Lemma map_ent_iota k : k <= size c -> map (ent c) (iota 1 k) = take k c.
Proof.
move=> le_k_c; rewrite -(map_nth_iota0 0 le_k_c) (iotaDl 1 0) -map_comp.
exact: eq_map.
Qed.

Lemma size_positions j : size (positions c j) = count_mem j c.
Proof.
by rewrite size_filter -(count_map (ent c) (pred1 j)) map_ent_iota // take_size.
Qed.

Lemma count_positions_leq j k :
  count (leq^~ k) (positions c j) = count_mem j (take k c).
Proof.
rewrite count_filter (eq_count (a2 := predI (fun x => ent c x == j) (leq^~ k))).
  rewrite -count_filter filter_leq_iota1 -(count_map (ent c) (pred1 j)).
  by rewrite map_take map_ent_iota // take_size.
by move=> x /=; rewrite andbC.
Qed.

Lemma mem_positions j x : (x \in positions c j) = (0 < x <= size c) && (ent c x == j).
Proof. by rewrite mem_filter mem_iota andbC; congr (_ && _); lia. Qed.

Lemma sorted_positions j : sorted ltn (positions c j).
Proof. exact/sorted_filter/iota_ltn_sorted/ltn_trans. Qed.

Lemma uniq_positions j : uniq (positions c j).
Proof. exact: (sorted_uniq ltn_trans ltnn (sorted_positions j)). Qed.

Lemma nth_positions j i : i < count_mem j c ->
  0 < nth 0 (positions c j) i <= size c /\ ent c (nth 0 (positions c j) i) = j.
Proof.
move=> lt_i; have : nth 0 (positions c j) i \in positions c j.
  by rewrite mem_nth ?size_positions.
by rewrite mem_positions => /andP[-> /eqP].
Qed.

Lemma nth_positions_leq j i k : i < count_mem j c ->
  (nth 0 (positions c j) i <= k) = (i < count_mem j (take k c)).
Proof.
move=> lt_i; rewrite -count_positions_leq.
apply: (sorted_nth_count _ ltn_trans (sorted_positions j)).
  by move=> a b _ _ /ltnW /leq_trans; apply.
by rewrite size_positions.
Qed.

End Positions.

Definition lattice_word (d : nat) (c : seq nat) : Prop :=
  forall k j, 0 < j < d -> count_mem j.+1 (take k c) <= count_mem j (take k c).

Lemma lattice_wordP d c :
  lattice_word d c <->
  forall j, 0 < j < d -> count_mem j.+1 c <= count_mem j c /\
    forall i, i < count_mem j.+1 c -> nth 0 (positions c j) i < nth 0 (positions c j.+1) i.
Proof.
split=> [c_lattice j j_in | c_interlaced k j j_in].
  have count_le : count_mem j.+1 c <= count_mem j c.
    by have := c_lattice (size c) j j_in; rewrite take_size.
  split=> // i lt_i; set y := nth 0 (positions c j.+1) i.
  have lt_i_take : i < count_mem j (take y c).
    have : i < count_mem j.+1 (take y c) by rewrite -nth_positions_leq.
    by move/leq_trans; apply; apply: c_lattice.
  have lt_i' : i < count_mem j c by apply: leq_trans lt_i count_le.
  rewrite ltn_neqAle nth_positions_leq // lt_i_take andbT; apply/eqP => eq_pos.
  have [_ ent_j] := nth_positions lt_i'; have [_ ent_j1] := nth_positions lt_i.
  by move: ent_j; rewrite eq_pos -/y ent_j1; lia.
have [count_le interlaced] := c_interlaced j j_in.
case def_a: (count_mem j.+1 (take k c)) => [|a] //.
have lt_a : a < count_mem j.+1 c by rewrite -ltnS -def_a ltnS count_mem_take_leq.
have le_y : nth 0 (positions c j.+1) a <= k by rewrite nth_positions_leq // def_a.
have le_z : nth 0 (positions c j) a <= k.
  exact: ltnW (leq_trans (interlaced a lt_a) le_y).
by rewrite nth_positions_leq // (leq_trans lt_a) in le_z.
Qed.

Lemma lattice_word_count_nonincr d c j j' : lattice_word d c ->
  0 < j -> j <= j' -> j' <= d -> count_mem j' c <= count_mem j c.
Proof.
move=> c_lattice j_gt0 /subnKC <-; elim: (j' - j) => [|k IHk] le_d.
  by rewrite addn0.
apply: leq_trans (IHk _); last lia.
by have := c_lattice (size c) (j + k); rewrite take_size addnS; apply; lia.
Qed.

Lemma mem_row_rowof (T : tableau) x :
  x \in flatten T -> x \in nth [::] T (rowof T x).
Proof.
move=> /flattenP[s sT xs]; apply: (@nth_find _ [::] (fun row => x \in row)).
by apply/hasP; exists s.
Qed.

Lemma cell_rowof (T : tableau) x : x \in flatten T ->
  [/\ rowof T x < size T, (colof T x).-1 < size (nth [::] T (rowof T x))
    & nth 0 (nth [::] T (rowof T x)) (colof T x).-1 = x].
Proof.
move=> xT; have x_row := mem_row_rowof xT.
split; last by rewrite nth_index.
  by rewrite /rowof -has_find; have /flattenP[s sT xs] := xT; apply/hasP; exists s.
by rewrite index_mem.
Qed.

Definition col_height (T : tableau) (j : nat) : nat := count (fun row => j <= size row) T.

Lemma col_height_leq_size T j : col_height T j <= size T.
Proof. exact: count_size. Qed.

Lemma col_height_nonincr T j j' : j <= j' -> col_height T j' <= col_height T j.
Proof. by move=> le_jj'; apply: sub_count => row /=; apply: leq_trans. Qed.

Section StandardTableau.
Variables (m : nat) (T : tableau).
Hypothesis T_SYT : is_SYT m T.
Local Notation row i := (nth [::] T i).
Local Notation entry i p := (nth 0 (nth [::] T i) p).

Lemma mem_SYT x : (x \in flatten T) = (0 < x <= m).
Proof. by case: T_SYT => _ _ T_perm _ _; rewrite (perm_mem T_perm) mem_iota; lia. Qed.

Lemma SYT_row_unique i i' x : x \in row i -> x \in row i' -> i = i'.
Proof.
case: T_SYT => _ _ T_perm _ _.
have /uniq_flattenP[_ rows_disjoint] : uniq (flatten T).
  by rewrite (perm_uniq T_perm) iota_uniq.
exact: rows_disjoint.
Qed.

Lemma sorted_SYT_row i : sorted ltn (row i).
Proof.
case: T_SYT => _ _ _ rows_sorted _; case: (ltnP i (size T)) => [lt_i | le_i].
  by apply: (allP rows_sorted); apply: mem_nth.
by rewrite nth_default.
Qed.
────────────────────────────────────────
▸ **Requirement**
From the line containing "by rewrite index_mem." down to the final line of the data, write out every line exactly; both the first and last of these belong in your answer, and nothing else does.

▸ **Exercise response**
by rewrite index_mem.
Qed.

Definition col_height (T : tableau) (j : nat) : nat := count (fun row => j <= size row) T.

Lemma col_height_leq_size T j : col_height T j <= size T.
Proof. exact: count_size. Qed.

Lemma col_height_nonincr T j j' : j <= j' -> col_height T j' <= col_height T j.
Proof. by move=> le_jj'; apply: sub_count => row /=; apply: leq_trans. Qed.

Section StandardTableau.
Variables (m : nat) (T : tableau).
Hypothesis T_SYT : is_SYT m T.
Local Notation row i := (nth [::] T i).
Local Notation entry i p := (nth 0 (nth [::] T i) p).

Lemma mem_SYT x : (x \in flatten T) = (0 < x <= m).
Proof. by case: T_SYT => _ _ T_perm _ _; rewrite (perm_mem T_perm) mem_iota; lia. Qed.

Lemma SYT_row_unique i i' x : x \in row i -> x \in row i' -> i = i'.
Proof.
case: T_SYT => _ _ T_perm _ _.
have /uniq_flattenP[_ rows_disjoint] : uniq (flatten T).
  by rewrite (perm_uniq T_perm) iota_uniq.
exact: rows_disjoint.
Qed.

Lemma sorted_SYT_row i : sorted ltn (row i).
Proof.
case: T_SYT => _ _ _ rows_sorted _; case: (ltnP i (size T)) => [lt_i | le_i].
  by apply: (allP rows_sorted); apply: mem_nth.
by rewrite nth_default.
Qed.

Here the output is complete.